Comment by Ryosuke on "In your opinion what are some advantages and disadvantages on choosing an architecture with a backend api + React/Angular as consumers instead of monolithic frameworks like Django or CakePHP/Laravel?" | Hashnode
Separation of concerns. My frontend isn't tethered to my backend, so I can do dramatic things like scrapping my frontend completely and recoding it without mucking my API.
Scalability. Being a monolithic website is great, but when you need to start creating mobile or web apps that work off the same API -- you'll quickly wish they were separated. If someone bombs your frontend, you also lose your API, which leaves other apps hanging out to dry.

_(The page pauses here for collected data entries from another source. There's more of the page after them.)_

(* Let $0<r_1<r_2<r_3$ satisfy \[ r_2(r_3-r_1)^3 - r_1(r_3+r_2)^3 - r_3(r_1+r_2)^3 \ \ge\ 0, \] and let $(i,j)\in\{(1,2),(2,3)\}$. For $\beta\in[0,\pi]$ let $\alpha(\beta)$ be the smallest solution $\alpha\in[\pi,2\pi]$ of $g_{13}(\beta)+g_{ij}(\alpha)=0$ (so $\alpha(0)=\alpha(\pi)=\pi$). Set \[\kappa=\frac{g_{13}'(0)}{-g_{ij}'(\pi)}=\frac{r_1r_3\,(r_i+r_j)^3}{r_ir_j\,(r_3-r_1)^3}.\] Then for every $\beta\in(0,\pi)$, \[ \pi\le\alpha(\beta)<\pi+\kappa\beta .\]
   Context: For $i,j\in\{1,2,3\}$ and $\theta\in\mathbb R$ set $D_{ij}(\theta)=r_i^2+r_j^2-2r_ir_j\cos\theta$ and $g_{ij}(\theta)=\dfrac{r_ir_j\sin\theta}{D_{ij}(\theta)^{3/2}}$. (By the comparison $g_{13}\le g_{ij}$ on $[0,\pi]$, the equation defining $\alpha(\beta)$ has a solution in $[\pi,2\pi]$, and $\kappa$ equals the derivative of $\alpha$ at $0$.) *)

From Stdlib Require Import Reals.
Open Scope R_scope.

Definition Dfun (a b theta : R) : R := a ^ 2 + b ^ 2 - 2 * a * b * cos theta.

Definition gfun (a b theta : R) : R :=
  a * b * sin theta / Rpower (Dfun a b theta) (3 / 2).

Definition is_alpha (r1 r3 ri rj beta alpha : R) : Prop :=
  PI <= alpha <= 2 * PI /\
  gfun r1 r3 beta + gfun ri rj alpha = 0 /\
  (forall a, PI <= a < alpha -> gfun r1 r3 beta + gfun ri rj a <> 0).

(* kappa = g13'(0) / (- gij'(pi)) in closed form *)
Definition kappa (r1 r3 ri rj : R) : R :=
  r1 * r3 * (ri + rj) ^ 3 / (ri * rj * (r3 - r1) ^ 3).

From Stdlib Require Import Reals Lra Psatz.
Open Scope R_scope.

(* Write F(a) = g13(beta) + gij(a) and t = kappa * beta.
   1. The hypothesis on r1 < r2 < r3 implies kappa <= 1 in both
      cases (i,j) = (1,2) and (2,3).
   2. F(pi) = g13(beta) > 0, since gij(pi) = 0.
   3. F(pi + t) < 0: using D13(beta) > (r3 - r1)^2, Dij(pi + t) <= (ri + rj)^2
      and the concavity bound kappa * sin beta <= sin (kappa * beta),
        g13(beta) < r1 r3 sin beta / (r3 - r1)^3
                  = kappa ri rj sin beta / (ri + rj)^3
                  <= ri rj sin t / (ri + rj)^3 <= - gij(pi + t).
   4. A continuous function that is positive at a and negative at b has a
      least zero in (a, b) (a supremum argument).  This least zero is an
      admissible alpha, and every admissible alpha is at most it, hence
      alpha < pi + kappa * beta. *)

Lemma continuity_pt_pos_near (f : R -> R) (z : R) :
  continuity_pt f z -> 0 < f z ->
  exists d, 0 < d /\ forall y, Rabs (y - z) < d -> 0 < f y.
Proof.
  intros Hc Hfz. destruct (Hc (f z) Hfz) as [d [Hd Hnear]].
  exists d. split; [exact Hd|]. intros y Hy.
  destruct (Req_dec y z) as [->|Hyz]; [exact Hfz|].
  assert (Hdist : Rabs (f y - f z) < f z) by (apply (Hnear y); repeat split; auto).
  apply Rabs_def2 in Hdist. lra.
Qed.

(* A function continuous on [a, b], positive at a and negative at b, has a
   least zero in (a, b); it is the supremum of the points x such that f is
   positive on [a, x]. *)
Lemma least_zero (f : R -> R) (a b : R) :
  a < b -> (forall x, a <= x <= b -> continuity_pt f x) ->
  0 < f a -> f b < 0 ->
  exists z, a < z < b /\ f z = 0 /\ (forall y, a <= y < z -> 0 < f y).
Proof.
  intros Hab Hc Ha Hb.
  set (E := fun x => a <= x <= b /\ forall y, a <= y <= x -> 0 < f y).
  assert (Ea : E a).
  { split; [lra|]. intros y Hy. replace y with a by lra. exact Ha. }
  assert (Ebound : bound E) by (exists b; intros x [Hx _]; lra).
  destruct (completeness E Ebound (ex_intro _ a Ea)) as [z [Hub Hlub]].
  assert (Hza : a <= z) by (apply Hub; exact Ea).
  assert (Hzb : z <= b) by (apply Hlub; intros x [Hx _]; lra).
  (* f is positive below z: a point y < z with f y <= 0 would bound E. *)
  assert (Hbelow : forall y, a <= y < z -> 0 < f y).
  { intros y Hy. destruct (Rle_dec (f y) 0) as [Hneg|Hpos]; [|lra].
    assert (Hyub : is_upper_bound E y).
    { intros x [Hx HxE]. destruct (Rle_dec x y) as [|Hxy]; [lra|].
      specialize (HxE y ltac:(lra)). lra. }
    specialize (Hlub y Hyub). lra. }
  assert (Hcz : continuity_pt f z) by (apply Hc; lra).
  (* f z < 0 would make f negative slightly below z. *)
  assert (Hnotneg : ~ f z < 0).
  { intro Hneg.
    assert (Hcz' : continuity_pt (fun x => - f x) z) by (apply continuity_pt_opp; exact Hcz).
    destruct (continuity_pt_pos_near _ z Hcz' ltac:(lra)) as [d [Hd Hnear]].
    assert (Haz : a < z) by (destruct (Req_dec a z) as [<-|]; lra).
    set (y := Rmax a (z - d / 2)).
    assert (a <= y) by apply Rmax_l.
    assert (z - d / 2 <= y) by apply Rmax_r.
    assert (y < z) by (apply Rmax_lub_lt; lra).
    specialize (Hnear y ltac:(rewrite Rabs_left; lra)).
    specialize (Hbelow y ltac:(lra)). lra. }
  (* f z > 0 would put a point slightly above z into E. *)
  assert (Hnotpos : ~ 0 < f z).
  { intro Hpos. destruct (continuity_pt_pos_near f z Hcz Hpos) as [d [Hd Hnear]].
    assert (Hzb' : z < b) by (destruct (Req_dec z b) as [->|]; lra).
    set (x := Rmin b (z + d / 2)).
    assert (x <= b) by apply Rmin_l.
    assert (x <= z + d / 2) by apply Rmin_r.
    assert (z < x) by (apply Rmin_glb_lt; lra).
    assert (Ex : E x).
    { split; [lra|]. intros y Hy. destruct (Rlt_dec y z); [apply Hbelow; lra|].
      apply Hnear. rewrite Rabs_right; lra. }
    specialize (Hub x Ex). lra. }
  assert (Hfz : f z = 0) by lra.
  exists z. split; [|split; [exact Hfz | exact Hbelow]].
  split; [destruct (Req_dec a z) as [<-|]|destruct (Req_dec z b) as [->|]]; lra.
Qed.

(* Concavity of sin on [0, pi]: shrinking the argument by k <= 1 loses at
   most the factor k.  By the mean value theorem, since cos is decreasing. *)
Lemma sin_scaled_ge (k b : R) :
  0 < k <= 1 -> 0 <= b <= PI -> k * sin b <= sin (k * b).
Proof.
  intros Hk Hb. destruct (Req_dec b 0) as [->|Hb0].
  { rewrite Rmult_0_r, sin_0. lra. }
  set (phi := fun x => sin (k * x) - k * sin x).
  destruct (MVT_cor2 phi (fun x => k * cos (k * x) - k * cos x) 0 b ltac:(lra))
    as [c [Hphi Hc]].
  { intros c _. unfold phi. apply derivable_pt_lim_minus.
    - replace (k * cos (k * c)) with (cos (k * c) * (k * 1)) by ring.
      apply (derivable_pt_lim_comp (fun x => k * x) sin).
      + apply derivable_pt_lim_scal, derivable_pt_lim_id.
      + apply derivable_pt_lim_sin.
    - apply derivable_pt_lim_scal, derivable_pt_lim_sin. }
  unfold phi in Hphi. rewrite Rmult_0_r, sin_0 in Hphi.
  assert (Hcos : cos c <= cos (k * c)) by (apply cos_decr_1; nra).
  assert (0 <= (k * cos (k * c) - k * cos c) * (b - 0)) by (apply Rmult_le_pos; nra).
  lra.
Qed.

Lemma Rpower_sqr_three_halves (r : R) : 0 < r -> Rpower (r ^ 2) (3 / 2) = r ^ 3.
Proof.
  intro Hr. rewrite <- (Rpower_pow 2 r Hr), Rpower_mult, <- (Rpower_pow 3 r Hr).
  f_equal. simpl. field.
Qed.

Lemma Dfun_pos (a b t : R) : 0 < a -> 0 < b -> a <> b -> 0 < Dfun a b t.
Proof.
  intros Ha Hb Hab. unfold Dfun. pose proof (COS_bound t).
  assert (0 < (a - b) ^ 2) by (assert (a - b <> 0) by lra; nra).
  assert (0 <= a * b * (1 - cos t)) by (apply Rmult_le_pos; nra). nra.
Qed.

Lemma Dfun_gt_min (a b beta : R) :
  0 < a -> 0 < b -> 0 < beta < PI -> (b - a) ^ 2 < Dfun a b beta.
Proof.
  intros Ha Hb Hbeta. unfold Dfun.
  assert (Hcos : cos beta < cos 0) by (apply cos_decreasing_1; lra).
  rewrite cos_0 in Hcos.
  assert (0 < a * b * (1 - cos beta)) by (apply Rmult_lt_0_compat; nra). nra.
Qed.

Lemma Dfun_le_max (a b t : R) : 0 < a -> 0 < b -> Dfun a b t <= (a + b) ^ 2.
Proof.
  intros Ha Hb. unfold Dfun. pose proof (COS_bound t).
  assert (0 <= a * b * (1 + cos t)) by (apply Rmult_le_pos; nra). nra.
Qed.

Lemma gfun_PI (a b : R) : gfun a b PI = 0.
Proof. unfold gfun. rewrite sin_PI, Rmult_0_r. unfold Rdiv. apply Rmult_0_l. Qed.

Lemma gfun_pos (a b beta : R) :
  0 < a -> 0 < b -> a <> b -> 0 < beta < PI -> 0 < gfun a b beta.
Proof.
  intros Ha Hb Hab Hbeta. unfold gfun, Rdiv, Rpower.
  assert (0 < sin beta) by (apply sin_gt_0; lra).
  apply Rmult_lt_0_compat; [apply Rmult_lt_0_compat; nra|].
  apply Rinv_0_lt_compat, exp_pos.
Qed.

Lemma gfun_continuous (a b x : R) :
  0 < a -> 0 < b -> a <> b -> continuity_pt (gfun a b) x.
Proof.
  intros Ha Hb Hab. unfold gfun.
  assert (HD : continuity_pt (Dfun a b) x).
  { unfold Dfun. apply continuity_pt_minus; [apply continuity_pt_const; now intros ? ?|].
    apply continuity_pt_mult; [apply continuity_pt_const; now intros ? ?|].
    apply continuity_cos. }
  pose proof (Dfun_pos a b x Ha Hb Hab) as HDpos.
  apply (continuity_pt_div (fun t => a * b * sin t) (fun t => Rpower (Dfun a b t) (3 / 2))).
  - apply continuity_pt_mult; [apply continuity_pt_const; now intros ? ?|].
    apply continuity_sin.
  - apply (continuity_pt_comp (Dfun a b) (fun y => Rpower y (3 / 2))); [exact HD|].
    apply derivable_continuous_pt. eexists. apply derivable_pt_lim_power. exact HDpos.
  - unfold Rpower. apply Rgt_not_eq, exp_pos.
Qed.

(* Upper bound for g near its zero at 0, from D > (b - a)^2. *)
Lemma gfun_lt_bound (a b beta : R) :
  0 < a -> a < b -> 0 < beta < PI ->
  gfun a b beta < a * b * sin beta / (b - a) ^ 3.
Proof.
  intros Ha Hab Hbeta. unfold gfun, Rdiv.
  assert (0 < sin beta) by (apply sin_gt_0; lra).
  assert (Hcube : 0 < (b - a) ^ 3) by (apply pow_lt; lra).
  assert (Hpow : (b - a) ^ 3 < Rpower (Dfun a b beta) (3 / 2)).
  { rewrite <- Rpower_sqr_three_halves by lra.
    apply Rlt_Rpower_l; [lra|]. split; [apply pow_lt; lra|].
    apply Dfun_gt_min; lra. }
  apply Rmult_lt_compat_l; [apply Rmult_lt_0_compat; nra|].
  apply Rinv_lt_contravar; [apply Rmult_lt_0_compat|]; lra.
Qed.

(* Lower bound for -g just past pi, from D <= (a + b)^2. *)
Lemma gfun_opposite_ge (a b t : R) :
  0 < a -> 0 < b -> a <> b -> 0 <= sin t ->
  a * b * sin t / (a + b) ^ 3 <= - gfun a b (PI + t).
Proof.
  intros Ha Hb Hab Hsin. unfold gfun.
  rewrite (Rplus_comm PI t), neg_sin.
  pose proof (Dfun_pos a b (t + PI) Ha Hb Hab) as HD.
  assert (Hpow : Rpower (Dfun a b (t + PI)) (3 / 2) <= (a + b) ^ 3).
  { rewrite <- Rpower_sqr_three_halves by lra.
    apply Rle_Rpower_l; [lra|]. split; [exact HD|]. apply Dfun_le_max; lra. }
  assert (Hpos : 0 < Rpower (Dfun a b (t + PI)) (3 / 2)) by (unfold Rpower; apply exp_pos).
  set (P := Rpower (Dfun a b (t + PI)) (3 / 2)) in *.
  replace (- (a * b * - sin t / P)) with (a * b * sin t / P) by (unfold Rdiv; ring).
  unfold Rdiv. apply Rmult_le_compat_l; [apply Rmult_le_pos; nra|].
  apply Rinv_le_contravar; assumption.
Qed.

Lemma kappa_pos (r1 r3 ri rj : R) :
  0 < r1 -> r1 < r3 -> 0 < ri -> 0 < rj -> 0 < kappa r1 r3 ri rj.
Proof.
  intros H1 H13 Hi Hj. unfold kappa, Rdiv.
  apply Rmult_lt_0_compat; [apply Rmult_lt_0_compat; [nra | apply pow_lt; lra]|].
  apply Rinv_0_lt_compat, Rmult_lt_0_compat; [nra | apply pow_lt; lra].
Qed.

Lemma sign_at_kappa_beta (r1 r3 ri rj beta : R) :
  0 < r1 -> r1 < r3 -> 0 < ri -> ri < rj -> kappa r1 r3 ri rj <= 1 ->
  0 < beta < PI ->
  gfun r1 r3 beta + gfun ri rj (PI + kappa r1 r3 ri rj * beta) < 0.
Proof.
  intros H1 H13 Hi Hij HK Hbeta.
  set (K := kappa r1 r3 ri rj) in *.
  assert (Hcij : 0 < (ri + rj) ^ 3) by (apply pow_lt; lra).
  assert (HK0 : 0 < K) by (apply kappa_pos; lra).
  assert (Hsin : K * sin beta <= sin (K * beta)) by (apply sin_scaled_ge; lra).
  assert (Hsin0 : 0 < sin beta) by (apply sin_gt_0; lra).
  (* the two linear approximations at 0 and pi differ exactly by kappa *)
  assert (Hslope : r1 * r3 * sin beta / (r3 - r1) ^ 3
                   = K * (ri * rj * sin beta / (ri + rj) ^ 3)).
  { unfold K, kappa. field. lra. }
  assert (Hscale : K * (ri * rj * sin beta / (ri + rj) ^ 3)
                   <= ri * rj * sin (K * beta) / (ri + rj) ^ 3).
  { unfold Rdiv. replace (K * (ri * rj * sin beta * / (ri + rj) ^ 3))
      with (ri * rj * / (ri + rj) ^ 3 * (K * sin beta)) by ring.
    replace (ri * rj * sin (K * beta) * / (ri + rj) ^ 3)
      with (ri * rj * / (ri + rj) ^ 3 * sin (K * beta)) by ring.
    apply Rmult_le_compat_l; [|exact Hsin].
    apply Rmult_le_pos; [nra | apply Rlt_le, Rinv_0_lt_compat; exact Hcij]. }
  pose proof (gfun_lt_bound r1 r3 beta H1 H13 Hbeta).
  pose proof (gfun_opposite_ge ri rj (K * beta) Hi ltac:(lra) ltac:(lra) ltac:(nra)).
  lra.
Qed.

Lemma alpha_exists_and_bounded (r1 r3 ri rj beta : R) :
  0 < r1 -> r1 < r3 -> 0 < ri -> ri < rj -> kappa r1 r3 ri rj <= 1 ->
  0 < beta < PI ->
  (exists alpha, is_alpha r1 r3 ri rj beta alpha) /\
  (forall alpha, is_alpha r1 r3 ri rj beta alpha ->
     PI <= alpha < PI + kappa r1 r3 ri rj * beta).
Proof.
  intros H1 H13 Hi Hij HK Hbeta.
  set (F := fun a => gfun r1 r3 beta + gfun ri rj a).
  assert (Ht : 0 < kappa r1 r3 ri rj * beta)
    by (apply Rmult_lt_0_compat; [apply kappa_pos |]; lra).
  assert (HFPI : 0 < F PI).
  { unfold F. rewrite gfun_PI, Rplus_0_r. apply gfun_pos; lra. }
  assert (HFend : F (PI + kappa r1 r3 ri rj * beta) < 0)
    by (apply sign_at_kappa_beta; assumption).
  destruct (least_zero F PI (PI + kappa r1 r3 ri rj * beta)) as [z [Hz [Hfz Hmin]]];
    [lra | | exact HFPI | exact HFend |].
  { intros u _. apply continuity_pt_plus; [apply continuity_pt_const; now intros ? ?|].
    apply gfun_continuous; lra. }
  assert (HzPI : z <= 2 * PI) by nra.
  split.
  - exists z. repeat split; try lra; [exact Hfz|].
    intros a Ha. specialize (Hmin a Ha). unfold F in Hmin. lra.
  - (* an admissible alpha cannot lie beyond the zero z *)
    intros alpha [Halpha [_ Hfirst]]. split; [lra|].
    destruct (Rlt_dec z alpha) as [Hza|]; [|lra].
    exfalso. apply (Hfirst z); [lra | exact Hfz].
Qed.

Lemma kappa_le_one (r1 r2 r3 ri rj : R) :
  0 < r1 -> r1 < r2 -> r2 < r3 ->
  r2 * (r3 - r1) ^ 3 - r1 * (r3 + r2) ^ 3 - r3 * (r1 + r2) ^ 3 >= 0 ->
  ((ri, rj) = (r1, r2) \/ (ri, rj) = (r2, r3)) ->
  kappa r1 r3 ri rj <= 1.
Proof.
  intros H1 H12 H23 Hcond Hcase.
  assert (P1 : 0 <= r1 * (r3 + r2) ^ 3) by (apply Rmult_le_pos; [lra | apply pow_le; lra]).
  assert (P2 : 0 <= r3 * (r1 + r2) ^ 3) by (apply Rmult_le_pos; [lra | apply pow_le; lra]).
  assert (Hc : 0 < (r3 - r1) ^ 3) by (apply pow_lt; lra).
  assert (Hnum : r1 * r3 * (ri + rj) ^ 3 <= ri * rj * (r3 - r1) ^ 3).
  { destruct Hcase as [He | He]; injection He as -> ->.
    - replace (r1 * r3 * (r1 + r2) ^ 3) with (r1 * (r3 * (r1 + r2) ^ 3)) by ring.
      replace (r1 * r2 * (r3 - r1) ^ 3) with (r1 * (r2 * (r3 - r1) ^ 3)) by ring.
      apply Rmult_le_compat_l; lra.
    - replace (r1 * r3 * (r2 + r3) ^ 3) with (r3 * (r1 * (r3 + r2) ^ 3)) by ring.
      replace (r2 * r3 * (r3 - r1) ^ 3) with (r3 * (r2 * (r3 - r1) ^ 3)) by ring.
      apply Rmult_le_compat_l; lra. }
  assert (Hden : 0 < ri * rj * (r3 - r1) ^ 3).
  { destruct Hcase as [He | He]; injection He as -> ->;
      apply Rmult_lt_0_compat; nra. }
  unfold kappa, Rdiv. rewrite <- (Rinv_r (ri * rj * (r3 - r1) ^ 3)) by lra.
  apply Rmult_le_compat_r; [apply Rlt_le, Rinv_0_lt_compat |]; assumption.
Qed.

Theorem lemma2p5 (r1 r2 r3 ri rj : R) :
  0 < r1 -> r1 < r2 -> r2 < r3 ->
  r2 * (r3 - r1) ^ 3 - r1 * (r3 + r2) ^ 3 - r3 * (r1 + r2) ^ 3 >= 0 ->
  ((ri, rj) = (r1, r2) \/ (ri, rj) = (r2, r3)) ->
  forall beta, 0 < beta < PI ->
    (exists alpha, is_alpha r1 r3 ri rj beta alpha) /\
    (forall alpha, is_alpha r1 r3 ri rj beta alpha ->
       PI <= alpha < PI + kappa r1 r3 ri rj * beta).
Proof.
  intros H1 H12 H23 Hcond Hcase beta Hbeta.
  pose proof (kappa_le_one r1 r2 r3 ri rj H1 H12 H23 Hcond Hcase) as HK.
  assert (Hpair : 0 < ri /\ ri < rj)
    by (destruct Hcase as [He | He]; injection He as -> ->; lra).
  apply alpha_exists_and_bounded; lra.
Qed.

Easier development. It's hard to hand off a giant monolith to every dev on the team who wants to contribute. It's way easier to clone what I need (API or frontend or both), and build off that. And it makes organizing your git flow difficult, when you're managing features from way different sectors of the architecture.
Disadvantages
Building APIs. People might act like they love building APIs, but it's inarguable that it's a time sink. Anytime you build a feature, you need to create an API endpoint for your external apps to access (and ideally testing, to ensure it works). Sometimes it's way easier just to send data directly from my models to my view.
More work. Every time you want to make big changes to your app, you end up spinning up a development API and frontend, and committing changes to both. It can get confusing working across two projects, and particularly setting up a workflow that works flawlessly every time (like getting Docker containers to sync up). Way easier just to have everything in one project.
More infrastructure. Having a separate API means setting up another subdomain on my Apache/Nginx, and all the devops that goes behind managing that.
Less secure. It's way more secure just to have your app on the same server any secure data is queried/located. Client-side solutions like JWT are great for authentication, but not 100% secure, and require you to run another server as a middleman for any client-side apps anyway (plus CSRF, sessions, and all that jazz). Much easier just to have everything under the same server.
More complicated. Like stated in the previous point, tasks like authentication require setting up an OAuth server, generating JWT tokens, and plenty of other extras on the client-side (CSRF for forms, sessions for encrypted cookies, frontend form validation, etc). A monolithic Laravel app makes all that painless.